As mentioned, Pathe began business as an agent, importing and selling Phonographs & Graphophones. Their 1898 cartalog still shows the Edison & Graphophone products that they were selling. It must have occurred to the Pathe brothers, as the import business flourished, that there was more money to be made in actually manufacturing their own line of machines. The Pathe Graphophone is mechanically a direct copy of a Graphophone AT though with a Pathe made case. It would appear that the motor was a Graphophone AT motor, while the upper works were cast in an inferior pot-metal, that in most of these models that have survived, the upper works are distorted and unplayable.
More pictures to follow.
If the Pathe Graphophone, AT copy is puzzling, Pathe also sold a modified AT Graphophone adapted with the Pathe style horn guide mechanism.
Picture to follow
Thus looking at the various models that Pathe developed over theit decade of Phonograph manufacture, the influence of the Graphophone AT & Graphophone Eagle are quite evident.
Crane support visible to the left woth start/stop lever & speed controler at the front. Under the logo is written: Grand Prize Universal Exposition 1900
For the England market the Green Gauloise was packaged in a wood covered with faux leather. The cover was connected to the base by 2 clasps at either side.
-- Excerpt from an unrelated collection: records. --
(* Let $\Gamma$ be a connected simplicial graph which is tree-graded with respect to a collection of subgraphs $\{\Gamma_i\}_{i\in I}$, and fix a basepoint $e\in V(\Gamma)$. Then for each $x\in V(\Gamma)$ there are finite sets $I_x=\{i_0,i_1,\dots,i_k\}\subseteq I$ and $\{x_0,\dots,x_k=x\}\subseteq V(\Gamma)$ such that every geodesic $g$ from $e$ to $x$ can be decomposed as a concatenation of subgeodesics \[ g=g_0\,\overline{g_0}\,g_1\,\overline{g_1}\cdots\overline{g_{k-1}}\,g_k \] such that for each $j$: (i) $g_j\subseteq\Gamma_{i_j}$, the initial vertex of $g_j$ is $e_j$, the unique vertex of $\Gamma_{i_j}$ at minimal distance from $e_0=e$, and the terminal vertex of $g_j$ is $x_j$; and (ii) $\overline{g_j}$ has length at most $1$.
   Context: A connected simplicial graph $\Gamma$ is tree-graded with respect to a collection $\{\Gamma_i\}_{i\in I}$ of non-empty connected subgraphs if (1) every vertex and every simple loop of $\Gamma$ is contained in some $\Gamma_i$, and (2) for $i\neq j$, $\Gamma_i\not\subseteq\Gamma_j$ and $|V(\Gamma_i)\cap V(\Gamma_j)|\leq 1$. $\Gamma$ carries the shortest path metric. *)

From Stdlib Require Import List Arith Lia.
Import ListNotations.
Set Implicit Arguments.

Section Graphs.
Variable V : Type.

Fixpoint chain (R : V -> V -> Prop) (p : list V) : Prop :=
  match p with
  | a :: ((b :: _) as q) => R a b /\ chain R q
  | _ => True
  end.

Definition walk (R : V -> V -> Prop) (u v : V) (p : list V) : Prop :=
  p <> [] /\ hd u p = u /\ last p u = v /\ chain R p.

(* there is a walk of length n (= n edges) from u to v *)
Definition walk_len (adj : V -> V -> Prop) (u v : V) (n : nat) : Prop :=
  exists p, walk adj u v p /\ length p = S n.

Definition dist (adj : V -> V -> Prop) (u v : V) (n : nat) : Prop :=
  walk_len adj u v n /\ forall m, walk_len adj u v m -> n <= m.

Definition geodesic (adj : V -> V -> Prop) (u v : V) (p : list V) : Prop :=
  walk adj u v p /\ dist adj u v (length p - 1).

Definition cyc (R : V -> V -> Prop) (c : list V) : Prop :=
  match c with
  | [] => False
  | a :: _ => chain R (c ++ [a])
  end.

Definition simple_loop (adj : V -> V -> Prop) (c : list V) : Prop :=
  3 <= length c /\ NoDup c /\ cyc adj c.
The "Chante-Clair" was produced 1904 by Pathé Frères, and although it only has Pathe markings on the metalwork, it could have been produced especially for the French mail order company J.Girard et Cie.
The „Chante-Clair“ can only play cylinders of the “Inter” site, and being equipped with the large mandrel, does not allow the playing of standard size cylinders. Characteristic is the winding-key. The diameter of the horn measures 12". The the absence of a feed screw makes it impossible to record with this machine.
Mechanically similar ro the Chante-Claire, the Coquet is easily identified by its tramsfers on the case and lid.